TArdelean commented 4 years ago

Hi! It is because you cannot start another CUDA context inside the dataloader. You can either

rra94 commented 4 years ago

Thanks for the quick response. Do you provide code for landmark precompute or do I have to manually do that?

kenoharada commented 4 years ago

in dataset dir(https://github.com/TArdelean/CainGAN/tree/master/dataset), I saw landmark detection process in video_extractor.py:+1:

TArdelean commented 4 years ago

Indeed, the functionality for landmark extraction is in video_extractor.py For ease of use I have just updated the repository with a script that precomputes landmarks: extract_landmarks.py

rra94 commented 4 years ago

thanks! I'll try it out this weekend and close this issue.

rra94 commented 4 years ago

Hi,

I was able to precompute landmarks and had added the landmarks directory as --landmark_root .

Now I get this error. Do I have to do something else as well?

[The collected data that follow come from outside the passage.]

(* Let $\mathbf L=\{L_1,\dots,L_n\}$ be a finite multiset of positive rationals, $k\in\mathbb N_{>0}$, and suppose $L_{co}\ne l^\star$. Let $\Sigma=\sum_{i\in I_{co}}L_i$, $$\underline l=\max\Bigl\{L_{co},\ \frac{\Sigma}{k+|I_{co}|}\Bigr\},\qquad \overline l=\frac{\Sigma}{k}.$$ Then $\bigl(I_{co},\ i\mapsto\lceil L_i/\overline l\rceil,\ i\mapsto\lceil L_i/\underline l\rceil\bigr)$ is an admissible restriction.
   Context: $m(l)=\sum_{i=1}^n\lfloor L_i/l\rfloor$, $c(l)=\sum_i(\lceil L_i/l\rceil-1)$; $l$ feasible iff $m(l)\ge k$; $l^\star$ is the unique optimal cut length (feasible length minimizing $c$ among feasible lengths; equals the largest feasible length). $L^{(k)}$ is the $k$-th largest element of $\mathbf L$ with multiplicity; $L_{co}=L^{(k)}$ if $k\le n$, $L_{co}=0$ if $k>n$; $I_{co}=\{i: L_i>L_{co}\}$. A triple $(I,f_l,f_u)$ with $I\subseteq[1..n]$, $f_l,f_u:I\to\mathbb N_{>0}$ is an admissible restriction if (i) for all $i\in I$, $f_l(i)=1$ or $L_i/(f_l(i)-1)$ is infeasible; (ii) for all $i\in I$, $L_i/f_u(i)$ is feasible; (iii) for all $i'\notin I$, $L_{i'}$ is feasible and $L_{i'}\ne l^\star$. *)

From HB Require Import structures.
From mathcomp Require Import all_boot all_order all_algebra.
Set Implicit Arguments. Unset Strict Implicit. Unset Printing Implicit Defensive.
Import Order.TTheory GRing.Theory Num.Theory.
Local Open Scope ring_scope.

Section CutDefs.
Variables (n : nat) (L : 'I_n -> rat) (k : nat).

Definition mcount (l : rat) : int := \sum_(i < n) Num.floor (L i / l).

Definition ccost (l : rat) : int := \sum_(i < n) (Num.ceil (L i / l) - 1).

Definition feasible (l : rat) : Prop := 0 < l /\ (k%:Z <= mcount l).

Definition optimal (l : rat) : Prop :=
  feasible l /\ forall l', feasible l' -> ccost l <= ccost l'.

(* L^(k): k-th largest element of L with multiplicity; L_co *)
Definition Lsorted : seq rat := sort (fun x y : rat => y <= x) [seq L i | i <- enum 'I_n].
Definition Lco : rat := if (k <= n)%N then nth 0 Lsorted k.-1 else 0.

Definition Ico : {set 'I_n} := [set i | Lco < L i].

(* admissible restriction (I, f_l, f_u), with f_l, f_u : I -> N_{>0}
   represented as int-valued functions required to be positive on I. *)
Definition admissible (lstar : rat) (I : {set 'I_n}) (fl fu : 'I_n -> int) : Prop :=
  (forall i, i \in I -> 0 < fl i /\ 0 < fu i) /\
  (forall i, i \in I -> fl i = 1 \/ ~ feasible (L i / (fl i - 1)%:~R)) /\
  (forall i, i \in I -> feasible (L i / (fu i)%:~R)) /\
  (forall i, i \notin I -> feasible (L i) /\ L i <> lstar).

End CutDefs.

(* The optimal length [lstar] is the largest feasible length: any feasible
   [l] can be lengthened, without decreasing any floor [L i / l], until a piece is
   cut exactly, and a feasible length above [lstar] that cuts a piece exactly
   has strictly smaller cost.  Hence [lstar] dominates the feasible lengths
   [Lco] (at least [k] pieces are [>= Lco]) and [Sigma / (k + #|Ico|)], while
   all parts of length [lstar] come from pieces of [Ico], so [k lstar <= Sigma].
   The admissibility conditions then follow from the monotonicity of [m]. *)

From HB Require Import structures.
From mathcomp Require Import all_boot all_order all_algebra.
Import Order.TTheory GRing.Theory Num.Theory.
Set Implicit Arguments.
Unset Strict Implicit.
Unset Printing Implicit Defensive.

Local Open Scope ring_scope.

Lemma ler_wpdiv2l (R : numFieldType) (x l l' : R) :
  0 <= x -> 0 < l -> l <= l' -> x / l' <= x / l.
Proof.
move=> x0 l0 ll'; apply: ler_wpM2l => //.
by rewrite lef_pV2 // posrE (lt_le_trans l0).
Qed.

Lemma ltr_pdiv2l (R : numFieldType) (x l l' : R) :
  0 < x -> 0 < l -> l < l' -> x / l' < x / l.
Proof.
move=> x0 l0 ll'; rewrite ltr_pM2l //.
by rewrite ltf_pV2 // posrE (lt_trans l0).
Qed.

Section CuttingStock.
Variables (n : nat) (L : 'I_n -> rat) (k : nat).
Hypothesis Lpos : forall i, 0 < L i.
Hypothesis kpos : (0 < k)%N.

Local Notation Sigma := (\sum_(i in Ico L k) L i).

Lemma le_mcount l l' : 0 < l -> l <= l' -> mcount L l' <= mcount L l.
Proof.
move=> l0 ll'; apply: ler_sum => i _; apply: le_floor.
exact: ler_wpdiv2l (ltW (Lpos i)) l0 ll'.
Qed.

Lemma feasible_le l l' : feasible L k l' -> 0 < l -> l <= l' -> feasible L k l.
Proof.
by move=> [_ ml'] l0 ll'; split => //; apply: le_trans ml' (le_mcount l0 ll').
Qed.

(* Shrinking a length strictly increases the ceiling of every piece that was
   cut exactly, and does not decrease the others. *)
Lemma ccost_lt l l' i :
  0 < l -> l < l' -> L i / l' \is a Num.int -> ccost L l' < ccost L l.
Proof.
move=> l0 ll' /[!intrEceil] /eqP ceil_i.
rewrite /ccost (bigD1 i) //= [X in _ < X](bigD1 i) //=.
apply: ltr_leD.
  by rewrite ltrD2r ceil_gt_int ceil_i ltr_pdiv2l.
apply: ler_sum => j _; rewrite lerD2r; apply: le_ceil.
exact: ler_wpdiv2l (ltW (Lpos j)) l0 (ltW ll').
Qed.

(* Lengthen [l] until some piece [L i0] is cut exactly: take the least
   [L i / floor (L i / l)] over the pieces yielding at least one part. *)
Lemma feasible_exact_cut l : feasible L k l ->
  exists l' i, [/\ l <= l', feasible L k l' & L i / l' \is a Num.int].
Proof.
move=> [l0 ml].
pose f i := Num.floor (L i / l).
have [i1 f_i1] : exists i, 0 < f i.
  apply/existsP; apply: contraTT ml => /existsPn f_le0.
  rewrite -ltNge (@le_lt_trans _ _ 0) ?ltz_nat //.
  by apply: sumr_le0 => i _; rewrite leNgt f_le0.
case: (@arg_minP _ _ _ i1 (fun i => 0 < f i) (fun i => L i / (f i)%:~R) f_i1).
move=> i0 f_i0 min_i0; pose l' := L i0 / (f i0)%:~R.
have f_i0R : 0 < ((f i0)%:~R : rat) by rewrite ltr0z.
have Lf_i0 : L i0 / l' = (f i0)%:~R by rewrite divKf // gt_eqF.
have l'0 : 0 < l' by rewrite divr_gt0.
have le_f j : f j <= Num.floor (L j / l').
  have [f_j|f_j] := ltrP 0 (f j).
    rewrite floor_ge_int ler_pdivlMr // mulrC -ler_pdivlMr ?ltr0z //.
    exact: min_i0.
  by apply: le_trans f_j _; rewrite floor_ge0 divr_ge0 // ltW.
exists l', i0; split.
- by rewrite ler_pdivlMr // mulrC -ler_pdivlMr // floor_le.
- by split => //; apply: le_trans ml _; apply: ler_sum => j _; apply: le_f.
- by rewrite Lf_i0 intr_int.
Qed.

Lemma optimal_ge_feasible lstar l :
  optimal L k lstar -> feasible L k l -> l <= lstar.
Proof.
move=> [[ls0 _] ls_min] /feasible_exact_cut [l' [i [ll' feas_l' int_i]]].
apply: le_trans ll' _; rewrite leNgt; apply/negP => ls_l'.
by move: (ls_min l' feas_l'); apply/negP; rewrite -ltNge (ccost_lt ls0 ls_l' int_i).
Qed.

Lemma size_Lsorted : size (Lsorted L) = n.
Proof. by rewrite size_sort size_map size_enum_ord. Qed.

Lemma sorted_Lsorted : sorted (fun x y : rat => y <= x) (Lsorted L).
Proof. by apply: sort_sorted => x y; apply: le_total. Qed.

Lemma Lco_mem : (k <= n)%N -> exists i, Lco L k = L i.
Proof.
move=> kn; have : Lco L k \in Lsorted L.
  by rewrite /Lco kn; apply: mem_nth; rewrite size_Lsorted prednK.
by rewrite mem_sort => /mapP [i _ ->]; exists i.
Qed.

Lemma Lco_count : (k <= n)%N -> (k <= #|[pred i | (Lco L k <= L i)%R]|)%N.
Proof.
move=> kn; set s := Lsorted L.
have take_ge : all (fun x => Lco L k <= x) (take k s).
  apply/allP => x /(nthP 0) [j]; rewrite size_takel ?size_Lsorted // => jk <-.
  rewrite nth_take // /Lco kn.
  have ge_trans : transitive (fun x y : rat => y <= x).
    by move=> b a c ba cb; apply: le_trans ba.
  apply: (sorted_leq_nth ge_trans lexx 0 sorted_Lsorted);
    rewrite ?inE ?size_Lsorted.
  - exact: leq_trans jk kn.
  - by rewrite prednK.
  - by rewrite -ltnS prednK.
have count_s : count (fun x => Lco L k <= x) s = #|[pred i | (Lco L k <= L i)%R]|.
  rewrite (permP (permEl (perm_sort _ _))) count_map cardE /enum_mem.
  by rewrite size_filter count_filter; apply: eq_count => i; rewrite /= andbT.
apply: leq_trans _ (eq_leq count_s).
rewrite -(cat_take_drop k s) count_cat (leq_trans _ (leq_addr _ _)) //.
by move: take_ge; rewrite all_count => /eqP ->; rewrite size_takel ?size_Lsorted.
Qed.

Lemma Lco_feasible : (k <= n)%N -> feasible L k (Lco L k).
Proof.
move=> kn; have [i0 Lco_i0] := Lco_mem kn.
have Lco_gt0 : 0 < Lco L k by rewrite Lco_i0.
split => //; set P := [pred i | (Lco L k <= L i)%R].
apply: (@le_trans _ _ (#|P|%:Z)); first by rewrite lez_nat Lco_count.
have -> : #|P|%:Z = \sum_(i in P) 1 by rewrite sumr_const natz.
rewrite /mcount [X in _ <= X](bigID (mem P)) /=.
rewrite -[X in X <= _]addr0 lerD //.
  by apply: ler_sum => i P_i; rewrite floor_ge_int ler_pdivlMr // mul1r.
by apply: sumr_ge0 => i _; rewrite floor_ge0 divr_ge0 // ltW.
Qed.

Lemma notin_Ico_le i : i \notin Ico L k -> L i <= Lco L k.
Proof. by rewrite inE -leNgt. Qed.

Lemma Lco_lt_optimal lstar :
  optimal L k lstar -> Lco L k <> lstar -> Lco L k < lstar.
Proof.
move=> opt_ls Lco_ls; have [kn|nk] := leqP k n.
  by rewrite lt_neqAle (optimal_ge_feasible opt_ls (Lco_feasible kn)) andbT; apply/eqP.
by case: opt_ls => [[ls0 _] _]; rewrite /Lco leqNgt nk.
Qed.

(* Every piece outside [Ico] is shorter than [lstar], so all parts of length
   [lstar] are cut from pieces in [Ico]. *)
Lemma optimal_le_Sigma lstar :
  optimal L k lstar -> Lco L k < lstar -> lstar <= Sigma / k%:R.
Proof.
move=> [[ls0 ml] _] Lco_ls; rewrite ler_pdivlMr ?ltr0n // -ler_pdivlMl //.
apply: le_trans (_ : (mcount L lstar)%:~R <= _); first by rewrite -(ler_int rat) in ml.
rewrite /mcount rmorph_sum mulr_sumr [X in _ <= X]big_mkcond /=.
apply: ler_sum => i _; case: ifP => [_|i_Ico].
  by rewrite mulrC floor_le.
rewrite lerz0 floor_le0 ltr_pdivrMr // mul1r (le_lt_trans _ Lco_ls) //.
by apply: notin_Ico_le; rewrite i_Ico.
Qed.

Lemma feasible_notin_Ico i : i \notin Ico L k -> feasible L k (L i).
Proof.
move=> /notin_Ico_le Li_Lco; have [kn|nk] := leqP k n.
  exact: feasible_le (Lco_feasible kn) (Lpos i) Li_Lco.
by move: Li_Lco; rewrite /Lco leqNgt nk /= leNgt Lpos.
Qed.

Lemma Sigma_gt0 i : i \in Ico L k -> 0 < Sigma.
Proof.
move=> i_Ico; rewrite (bigD1 i) //= ltr_pwDl // sumr_ge0 // => j _.
exact: ltW.
Qed.

(* Since [floor x > x - 1], the pieces of [Ico] alone yield more than
   [Sigma / l - #|Ico|] parts, which is [k] for this [l]. *)
Lemma feasible_Sigma_div : 0 < Sigma -> feasible L k (Sigma / (k + #|Ico L k|)%:R).
Proof.
move=> S_gt0; set c : rat := (k + #|Ico L k|)%:R.
have c_gt0 : 0 < c by rewrite ltr0n addn_gt0 kpos.
have l_gt0 : 0 < Sigma / c by rewrite divr_gt0.
split => //; rewrite -(ler_int rat) /mcount rmorph_sum /=.
apply: le_trans (_ : \sum_(j in Ico L k) (L j / (Sigma / c) - 1) <= _).
  rewrite big_split /= -mulr_suml sumrN sumr_const invf_div mulrCA divff ?gt_eqF //.
  by rewrite mulr1 /c natrD addrK.
rewrite [X in _ <= X](bigID (mem (Ico L k))) /= -[X in X <= _]addr0 lerD //.
  apply: ler_sum => j _; apply: ltW; rewrite ltrBlDr -[1]/(1%:~R) -intrD.
  exact: floorD1_gt.
by apply: sumr_ge0 => j _; rewrite ler0z floor_ge0 divr_ge0 // ltW.
Qed.

Lemma infeasible_div_ceil_pred lstar l i :
  optimal L k lstar -> lstar <= l -> 1 < Num.ceil (L i / l) ->
  ~ feasible L k (L i / (Num.ceil (L i / l) - 1)%:~R).
Proof.
move=> opt_ls ls_l ceil_gt1 /(optimal_ge_feasible opt_ls); apply/negP.
have l_gt0 : 0 < l by case: opt_ls => [[ls_gt0 _] _]; apply: lt_le_trans ls_l.
rewrite -ltNge (le_lt_trans ls_l) // ltr_pdivlMr ?ltr0z ?subr_gt0 //.
by rewrite mulrC -ltr_pdivlMr // ceilB1_lt.
Qed.

Lemma feasible_div_ceil l' l i :
  feasible L k l' -> 0 < l -> l <= l' -> feasible L k (L i / (Num.ceil (L i / l))%:~R).
Proof.
move=> feas_l' l_gt0 ll'.
have ceil_gt0R : 0 < (Num.ceil (L i / l))%:~R :> rat.
  by rewrite ltr0z ceil_gt0 divr_gt0.
apply: (feasible_le feas_l'); first by rewrite divr_gt0.
by apply: le_trans ll'; rewrite ler_pdivrMr // mulrC -ler_pdivrMr // ceil_ge.
Qed.

End CuttingStock.

Theorem mainTheorem12 (n : nat) (L : 'I_n -> rat) (k : nat)
  (Lpos : forall i, 0 < L i) (kpos : (0 < k)%N)
  (lstar : rat) (Hopt : optimal L k lstar)
  (Hco : Lco L k <> lstar) :
  let Sigma := \sum_(i in Ico L k) L i in
  let lunder := Num.max (Lco L k) (Sigma / (k + #|Ico L k|)%:R) in
  let lover := Sigma / k%:R in
  admissible L k lstar (Ico L k)
    (fun i => Num.ceil (L i / lover)) (fun i => Num.ceil (L i / lunder)).
Proof.
move=> Sigma lunder lover.
have ls_feas : feasible L k lstar by case: Hopt.
have Lco_ls := Lco_lt_optimal Lpos kpos Hopt Hco.
have ls_lover : lstar <= lover := optimal_le_Sigma kpos Hopt Lco_ls.
have lover_gt0 : 0 < lover by apply: lt_le_trans ls_lover; case: ls_feas.
have lunder_bounds i : i \in Ico L k -> 0 < lunder <= lstar.
  move/(Sigma_gt0 Lpos)/(feasible_Sigma_div Lpos kpos) => l_feas.
  have [l_gt0 _] := l_feas.
  rewrite lt_max l_gt0 orbT ge_max (ltW Lco_ls).
  exact: (optimal_ge_feasible Lpos kpos Hopt l_feas).
split; [|split; [|split]] => i.
- move=> /lunder_bounds /andP[lunder_gt0 _].
  by split; rewrite ceil_gt0 divr_gt0.
- move=> _; have [->|ceil_neq1] := eqVneq (Num.ceil (L i / lover)) 1; [by left|right].
  apply: (infeasible_div_ceil_pred Lpos kpos Hopt ls_lover).
  by rewrite lt_neqAle eq_sym ceil_neq1 -gtz0_ge1 ceil_gt0 divr_gt0.
- move=> /lunder_bounds /andP[lunder_gt0 lunder_ls].
  exact: (feasible_div_ceil Lpos i ls_feas lunder_gt0 lunder_ls).
- move=> i_Ico; split; first exact: feasible_notin_Ico.
  by move=> Li_ls; move: (notin_Ico_le i_Ico); rewrite Li_ls leNgt Lco_ls.
Qed.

Total number of parameters: 5535618 Summary: Encoder - 3400994 Generator - 54556603 Discriminators - 11071236 Total - 69028833 Start training from epoch 0 computing lands Asking for 9 frames out of 0; using replace mode computing lands Asking for 9 frames out of 0; using replace mode computing lands Asking for 9 frames out of 0; using replace mode Traceback (most recent call last): File "CainGAN/train.py", line 103, in main() File "CainGAN/train.py", line 99, in main train() File "CainGAN/train.py", line 42, in train for i_batch, (frames, marks, i) in enumerate(dataLoader, start=staring_point): File "/usr/local/envs/fewshot/lib/python3.6/site-packages/torch/utils/data/dataloader.py", line 582, in next return self._process_next_batch(batch) File "/usr/local/envs/fewshot/lib/python3.6/site-packages/torch/utils/data/dataloader.py", line 608, in _process_next_batch raise batch.exc_type(batch.exc_msg) ValueError: Traceback (most recent call last): File "/usr/local/envs/fewshot/lib/python3.6/site-packages/torch/utils/data/_utils/worker.py", line 99, in _worker_loop samples = collate_fn([dataset[i] for i in batch_indices]) File "/usr/local/envs/fewshot/lib/python3.6/site-packages/torch/utils/data/_utils/worker.py", line 99, in samples = collate_fn([dataset[i] for i in batch_indices]) File "/content/CainGAN/dataset/vid_dataset.py", line 55, in getitem frames = select_frames(self.video_paths[index], self.K) File "/content/CainGAN/dataset/video_extractor.py", line 92, in select_frames frame_idxs = sample_frames(length, K, mandatory=mandatory) File "/content/CainGAN/dataset/video_extractor.py", line 20, in sample_frames sampled = np.random.choice(options, K, replace=True) File "mtrand.pyx", line 1125, in mtrand.RandomState.choice ValueError: 'a' cannot be empty unless no samples are taken

TArdelean commented 4 years ago

From your logs: computing lands -> Means that the precomputed landmark path was not actually found. Check again if the paths are correctly configured. First log line should tell you if they were loaded properly: print(f"Preprocessed landmarks {pres} out of {len(video_paths)}") Asking for 9 frames out of 0; using replace mode -> Means you actually have problems with loading the videos too. Make sure the paths are appropriate.